Reading Warm-Up Activities for Middle School

Instructor: Shanna Fox

Shanna has been an educator for 20 years and earned her Master of Education degree in 2017. She enjoys using her experience to provide engaging resources for other teachers.

Use these team activities to get your middle school students warmed up and ready to read. Each activity includes a detailed description and list of materials to help you easily implement the ideas in your classroom environment.

Middle School Reading Warmup Activities

Middle school students may not be thrilled with the idea of a reading warmup that requires passage analysis or comprehension questions. Instead, try using these activities that get students ready for the more challenging reading activities of the day. Each activity is designed to be used with teams of students. The activities also have independent exercises to wrap up the activity and help students reflect on their learning.

Headline Hunt

  • Materials: local newspapers or student magazines, graphic organizer, scissors and glue (optional extension).

In this activity, students will predict the content of various articles based only on their headline. For the content of this activity, you may want to use local newspapers or a student-focused magazine available for school subscription.

  1. Group students into teams of 4 and provide each team with one newspaper or magazine.
  2. Assign roles to students:
    1. The announcer reads the headline.
    2. The scribe writes the headline on the organizer.
    3. The storyteller predicts what the article is about.
    4. The summarizer skims the article and provides an overview of the actual content.
  3. Ideally, each teammate completes each role one time before the conclusion of the activity. When time is limited, you may want to conduct this activity four days in a row, with roles switching each day.
  4. After each round, students should work together to write a short summary of the storyteller's prediction and the summarizer's overview.
  5. As an independent wrap up, students can write a short paragraph about how both the storyteller's prediction and the headline reflect the article's content.

Lyrical Lessons

  • Materials: song lyrics (split into verses and chorus), graphic organizer.

In this activity, students will find the underlying message of song lyrics.

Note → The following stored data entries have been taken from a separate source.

(* Let $U$ be a Hilbert space, $T: U\rightrightarrows U$, $(\hat u,\hat w)\in\operatorname{graph}T$, and $\Xi,N,M\in\mathcal{L}(U;U)$ with $M\ge\Xi\ge0$. If $(\Xi, M-\Xi)\in\mathcal{P}(T^{-1}(\hat w),\hat u)$, then $(N,\Xi)$-strong submonotonicity of $T$ at $(\hat u,\hat w)$ implies $(\Xi,N,M)$-partial strong submonotonicity of $T$ at $(\hat u,\hat w)$. If $T^{-1}(\hat w)=\{\hat u\}$ is a singleton, these two properties are equivalent (and $(\Xi,M-\Xi)\in\mathcal{P}(T^{-1}(\hat w),\hat u)$ holds).
   Context: For $T\in\mathcal{L}(U;U)$: $\langle x,z\rangle_T:=\langle Tx,z\rangle$, $\|x\|^2_T:=\langle Tx,x\rangle$, $\operatorname{dist}^2_T(z,A):=\inf_{u\in A}\|z-u\|^2_T$; $T\ge S$ means $T-S$ positive semidefinite. For $\Xi,N,M\in\mathcal{L}(U;U)$ with $M\ge0$, $T$ is $(\Xi,N,M)$-partially strongly submonotone at $(\hat u,\hat w)$ if there is a neighbourhood $\mathcal{U}\ni\hat u$ with $\inf_{u^*\in T^{-1}(\hat w)}(\langle w-\hat w,u-u^*\rangle_N + \|u-u^*\|^2_{M-\Xi}) \ge \operatorname{dist}^2_M(u,T^{-1}(\hat w))$ for all $u\in\mathcal{U}$, $w\in T(u)$. $T$ is $(N,M)$-strongly submonotone if it is $(M,N,M)$-partially strongly submonotone. For $M,M'\in\mathcal{L}(U;U)$, $A\subset U$ and $\hat u\in A$, one writes $(M,M')\in\mathcal{P}(A,\hat u)$ if there is a neighbourhood $\mathcal{U}'\ni\hat u$ such that each $u\in\mathcal{U}'$ has a common projection onto $A$ with respect to $\|\cdot\|_M$ and $\|\cdot\|_{M'}$, i.e. some $u^*\in A$ minimises both $\|u-\cdot\|_M$ and $\|u-\cdot\|_{M'}$ over $A$. *)

From HB Require Import structures.
From mathcomp Require Import all_boot all_order all_algebra.
From mathcomp Require Import all_classical all_reals all_analysis.
Set Implicit Arguments. Unset Strict Implicit. Unset Printing Implicit Defensive.
Import Order.TTheory GRing.Theory Num.Theory.
Import numFieldNormedType.Exports.
Local Open Scope classical_set_scope.
Local Open Scope ring_scope.

Definition hilbert_ip (R : realType) (U : completeNormedModType R)
  (ip : U -> U -> R) : Prop :=
  [/\ forall x y, ip x y = ip y x,
      forall a x y z, ip (a *: x + y) z = a * ip x z + ip y z
    & forall x, ip x x = `|x| ^+ 2].

Definition bounded_linear (R : realType) (U : completeNormedModType R)
  (A : U -> U) : Prop :=
  (forall a x y, A (a *: x + y) = a *: A x + A y) /\ continuous A.

Definition op_sub (R : realType) (U : completeNormedModType R) (A B : U -> U)
  : U -> U := fun x => A x - B x.

Definition ipT (R : realType) (U : completeNormedModType R) (ip : U -> U -> R)
  (T : U -> U) (x z : U) : R := ip (T x) z.
Definition sqnormT (R : realType) (U : completeNormedModType R)
  (ip : U -> U -> R) (T : U -> U) (x : U) : R := ip (T x) x.
Definition normT (R : realType) (U : completeNormedModType R)
  (ip : U -> U -> R) (T : U -> U) (x : U) : R := Num.sqrt (sqnormT ip T x).

Definition op_ge (R : realType) (U : completeNormedModType R)
  (ip : U -> U -> R) (T S : U -> U) : Prop :=
  forall x, 0 <= sqnormT ip (op_sub T S) x.

Definition dist2T (R : realType) (U : completeNormedModType R)
  (ip : U -> U -> R) (T : U -> U) (z : U) (A : set U) : \bar R :=
  ereal_inf [set (sqnormT ip T (z - u))%:E | u in A].

Definition inv_img (R : realType) (U : completeNormedModType R)
  (T : U -> set U) (w : U) : set U := [set u | T u w].

Definition partially_strongly_submonotone (R : realType)
  (U : completeNormedModType R) (ip : U -> U -> R)
  (Xi N M : U -> U) (T : U -> set U) (hu hw : U) : Prop :=
  \forall u \near hu, forall w, T u w ->
    (ereal_inf [set (ipT ip N (w - hw) (u - us)
                     + sqnormT ip (op_sub M Xi) (u - us))%:E
               | us in inv_img T hw]
     >= dist2T ip M u (inv_img T hw))%E.

Definition strongly_submonotone (R : realType)
  (U : completeNormedModType R) (ip : U -> U -> R)
  (N M : U -> U) (T : U -> set U) (hu hw : U) : Prop :=
  partially_strongly_submonotone ip M N M T hu hw.

Definition common_proj (R : realType) (U : completeNormedModType R)
  (ip : U -> U -> R) (M M' : U -> U) (A : set U) (hu : U) : Prop :=
  \forall u \near hu, exists2 us, A us &
    (forall v, A v -> normT ip M (u - us) <= normT ip M (u - v)) /\
    (forall v, A v -> normT ip M' (u - us) <= normT ip M' (u - v)).

From HB Require Import structures.
From mathcomp Require Import all_boot all_order all_algebra.
From mathcomp Require Import all_classical all_reals all_analysis.
Import Order.TTheory GRing.Theory Num.Theory.
Import numFieldNormedType.Exports.
Set Implicit Arguments. Unset Strict Implicit. Unset Printing Implicit Defensive.
Local Open Scope classical_set_scope.
Local Open Scope ring_scope.

(* Let A = T^-1(hw) and let us be a common projection of u onto A.  Splitting
   ||u - us||^2_M = ||u - us||^2_Xi + ||u - us||^2_(M-Xi) bounds dist^2_M(u, A)
   by dist^2_Xi(u, A) + ||u - v||^2_(M-Xi) for every v in A.  Since
   (N, Xi)-strong submonotonicity is (Xi, N, Xi)-partial strong
   submonotonicity, its quadratic term vanishes and it bounds dist^2_Xi(u, A)
   by <w - hw, u - v>_N for every v in A; adding the two bounds gives the claim.
   When A = {hu} both infima are attained at hu and the two inequalities
   differ by the same term ||u - hu||^2_(M-Xi) on each side. *)

Section InnerProductSeminorms.
Variables (R : realType) (U : completeNormedModType R) (ip : U -> U -> R).
Hypothesis ip_hilbert : hilbert_ip ip.

Lemma ipBl a b z : ip (a - b) z = ip a z - ip b z.
Proof.
case: ip_hilbert => _ ip_linear _.
by have := ip_linear (-1) b a z; rewrite scaleN1r mulN1r addrC [RHS]addrC.
Qed.

Lemma sqnormTB (A B : U -> U) x :
  sqnormT ip (op_sub A B) x = sqnormT ip A x - sqnormT ip B x.
Proof. exact: ipBl. Qed.

Lemma sqnormT_subxx (A : U -> U) x : sqnormT ip (op_sub A A) x = 0.
Proof. by rewrite sqnormTB subrr. Qed.

Lemma sqnormT_split (M Xi : U -> U) x :
  sqnormT ip M x = sqnormT ip Xi x + sqnormT ip (op_sub M Xi) x.
Proof. by rewrite sqnormTB addrC subrK. Qed.

Lemma op_ge_sub0 (A B : U -> U) :
  op_ge ip A B -> op_ge ip (op_sub A B) (fun=> 0).
Proof. by move=> AgeB x; rewrite /sqnormT /op_sub subr0; exact: AgeB. Qed.

Lemma sqnormT_le (P : U -> U) a b :
  op_ge ip P (fun=> 0) -> normT ip P a <= normT ip P b ->
  sqnormT ip P a <= sqnormT ip P b.
Proof.
move=> Pge0; rewrite /normT ler_sqrt //.
by have := Pge0 b; rewrite /sqnormT /op_sub subr0.
Qed.

Lemma dist2T_le_sqnormT (P : U -> U) (A : set U) z us :
  A us -> (dist2T ip P z A <= (sqnormT ip P (z - us))%:E)%E.
Proof. by move=> Aus; apply: ereal_inf_lbound; exists us. Qed.

Lemma dist2T_proj (P : U -> U) (A : set U) z us :
  op_ge ip P (fun=> 0) -> A us ->
  (forall v, A v -> normT ip P (z - us) <= normT ip P (z - v)) ->
  dist2T ip P z A = (sqnormT ip P (z - us))%:E.
Proof.
move=> Pge0 Aus proj; apply/le_anti; rewrite dist2T_le_sqnormT //=.
by apply/ereal_infP => _ [v Av <-]; rewrite lee_fin sqnormT_le // proj.
Qed.

Lemma common_proj_set1 (P Q : U -> U) hu : common_proj ip P Q [set hu] hu.
Proof. by apply: nearW => u; exists hu => //; split=> v ->. Qed.

End InnerProductSeminorms.

Section Submonotonicity.
Variables (R : realType) (U : completeNormedModType R) (ip : U -> U -> R).
Hypothesis ip_hilbert : hilbert_ip ip.
Variables (T : U -> set U) (hu hw : U) (Xi N M : U -> U).

Lemma partially_strongly_submonotone_of_common_proj :
  op_ge ip M Xi -> op_ge ip Xi (fun=> 0) ->
  common_proj ip Xi (op_sub M Xi) (inv_img T hw) hu ->
  strongly_submonotone ip N Xi T hu hw ->
  partially_strongly_submonotone ip Xi N M T hu hw.
Proof.
move=> MgeXi Xige0 cproj ssub.
have MXige0 := op_ge_sub0 MgeXi.
apply: filterS2 cproj ssub => u [us Aus [projXi projMXi]] ssub_u w Tuw.
have distXi_le v : inv_img T hw v ->
    sqnormT ip Xi (u - us) <= ipT ip N (w - hw) (u - v).
  move=> Av; rewrite -lee_fin -(dist2T_proj Xige0 Aus projXi).
  apply: le_trans (ssub_u w Tuw) _; apply: ereal_inf_lbound; exists v => //.
  by rewrite sqnormT_subxx // addr0.
apply/ereal_infP => _ [v Av <-].
apply: le_trans (dist2T_le_sqnormT ip M u Aus) _.
rewrite (sqnormT_split ip_hilbert M Xi) lee_fin lerD ?distXi_le //.
exact: sqnormT_le (projMXi v Av).
Qed.

Lemma strongly_submonotone_iff_partially_set1 :
  inv_img T hw = [set hu] ->
  strongly_submonotone ip N Xi T hu hw <->
  partially_strongly_submonotone ip Xi N M T hu hw.
Proof.
rewrite /strongly_submonotone /partially_strongly_submonotone /dist2T => ->.
split; apply: filterS => u ssub_u w Tuw; have := ssub_u w Tuw;
  rewrite !image_set1 !ereal_inf1 !lee_fin (sqnormT_split ip_hilbert M Xi);
  by rewrite sqnormT_subxx // addr0 lerD2r.
Qed.

End Submonotonicity.

Theorem proposition4p3 (R : realType) (U : completeNormedModType R)
  (ip : U -> U -> R) (T : U -> set U) (hu hw : U) (Xi N M : U -> U) :
  hilbert_ip ip ->
  T hu hw ->
  bounded_linear Xi -> bounded_linear N -> bounded_linear M ->
  op_ge ip M Xi -> op_ge ip Xi (fun=> 0) ->
  (common_proj ip Xi (op_sub M Xi) (inv_img T hw) hu ->
     strongly_submonotone ip N Xi T hu hw ->
     partially_strongly_submonotone ip Xi N M T hu hw) /\
  (inv_img T hw = [set hu] ->
     (strongly_submonotone ip N Xi T hu hw <->
        partially_strongly_submonotone ip Xi N M T hu hw) /\
     common_proj ip Xi (op_sub M Xi) (inv_img T hw) hu).
Proof.
move=> ip_hilbert _ _ _ _ MgeXi Xige0; split.
  exact: partially_strongly_submonotone_of_common_proj.
move=> Aset1; split; first exact: strongly_submonotone_iff_partially_set1.
by rewrite Aset1; apply: common_proj_set1.
Qed.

Before the activity, find song lyrics that are on-level for your students. Split the song lyrics by separating each verse and the chorus.

  1. Provide each student team with the lyrics to one verse of the song and a graphic organizer for summarizing the lines. If students need additional support, work together to identify the message of the song's chorus.
  2. Ask students to identify the meaning of the verse and summarize it by filling in the graphic organizer. Based on your student population, you may want them to summarize verbally, in writing, or in an illustration. Additionally, you may want them to summarize each line, a group of lines, or the entire verse.
  3. After summary graphic organizers have been completed, ask students to share the meaning of their assigned lyrics. Conduct this portion of the activity in the order of the song and record their conclusions so that all students can view them, if possible.
  4. Discuss how they came to their conclusions, what context clues they used, and if the song's meaning is clearer when viewed as a whole.
  5. As an independent wrap up, have students write down the most meaningful part of the lyrics or apply a portion of them to their own lives.